--- Task to complete ---
Collect all lines from the listing that include the string "mathcal".

--- Records ---
(* Let $|\psi\rangle,|\phi\rangle,|e\rangle,|f\rangle$ be unit vectors in $\mathbb{C}^2$ and let $\mathcal{C}$ be the set of all quantum channels on $\mathcal{L}(\mathbb{C}^2)$. Then $$\max_{\Psi\in\mathcal{C}}\left\{\frac12\langle e|\Psi(|\psi\rangle\langle\psi|)|e\rangle+\frac12\langle f|\Psi(|\phi\rangle\langle\phi|)|f\rangle\right\}\le\frac12\left(1+\sqrt{|\langle e|f\rangle|^2+\left(|\langle\psi|\phi\rangle||\langle e|f\rangle|+\sqrt{(1-|\langle\psi|\phi\rangle|^2)(1-|\langle e|f\rangle|^2)}\right)^2}\right).$$
   Context: A quantum channel is a linear, completely positive, trace preserving map on $\mathcal{L}(\mathbb{C}^2)$. *)

From HB Require Import structures.
From mathcomp Require Import all_boot all_order all_algebra.
From mathcomp Require Import complex.
From mathcomp Require Import reals.
Set Implicit Arguments. Unset Strict Implicit. Unset Printing Implicit Defensive.
Import Order.TTheory GRing.Theory Num.Theory.
Local Open Scope ring_scope.

Section Defs.
Variable R : realType.
Local Notation C := (R[i]).

Definition ip (u v : 'cV[C]_2) : C := \sum_(k < 2) (u k 0)^* * v k 0.

Definition unit_vec (u : 'cV[C]_2) : Prop := ip u u = 1.

Definition proj (u : 'cV[C]_2) : 'M[C]_2 :=
  \matrix_(i < 2, j < 2) (u i 0 * (u j 0)^*).

Definition expect (u : 'cV[C]_2) (M : 'M[C]_2) : C :=
  \sum_(i < 2) \sum_(j < 2) (u i 0)^* * M i j * u j 0.

Definition psd (I : finType) (M : I -> I -> C) : Prop :=
  forall v : I -> C, 0 <= \sum_(p : I) \sum_(q : I) (v p)^* * M p q * v q.

Definition lin_map (Psi : 'M[C]_2 -> 'M[C]_2) : Prop :=
  forall (a : C) (A B : 'M[C]_2), Psi (a *: A + B) = a *: Psi A + Psi B.

(* complete positivity: id_{M_n} (x) Psi is positive for every n.
   An element of M_n (x) M_2 is given by its 2x2 blocks X p q, p q : 'I_n;
   as an operator on C^n (x) C^2 = C^('I_n * 'I_2) its entries are
   ((p,a),(q,b)) |-> X p q a b. *)
Definition completely_positive (Psi : 'M[C]_2 -> 'M[C]_2) : Prop :=
  forall (n : nat) (X : 'I_n -> 'I_n -> 'M[C]_2),
    psd (fun (x y : 'I_n * 'I_2) => X x.1 y.1 x.2 y.2) ->
    psd (fun (x y : 'I_n * 'I_2) => Psi (X x.1 y.1) x.2 y.2).

Definition trace_preserving (Psi : 'M[C]_2 -> 'M[C]_2) : Prop :=
  forall A : 'M[C]_2, \tr (Psi A) = \tr A.

Definition quantum_channel (Psi : 'M[C]_2 -> 'M[C]_2) : Prop :=
  [/\ lin_map Psi, completely_positive Psi & trace_preserving Psi].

--- Reply to the exercise ---
(* Let $|\psi\rangle,|\phi\rangle,|e\rangle,|f\rangle$ be unit vectors in $\mathbb{C}^2$ and let $\mathcal{C}$ be the set of all quantum channels on $\mathcal{L}(\mathbb{C}^2)$. Then $$\max_{\Psi\in\mathcal{C}}\left\{\frac12\langle e|\Psi(|\psi\rangle\langle\psi|)|e\rangle+\frac12\langle f|\Psi(|\phi\rangle\langle\phi|)|f\rangle\right\}\le\frac12\left(1+\sqrt{|\langle e|f\rangle|^2+\left(|\langle\psi|\phi\rangle||\langle e|f\rangle|+\sqrt{(1-|\langle\psi|\phi\rangle|^2)(1-|\langle e|f\rangle|^2)}\right)^2}\right).$$
   Context: A quantum channel is a linear, completely positive, trace preserving map on $\mathcal{L}(\mathbb{C}^2)$. *)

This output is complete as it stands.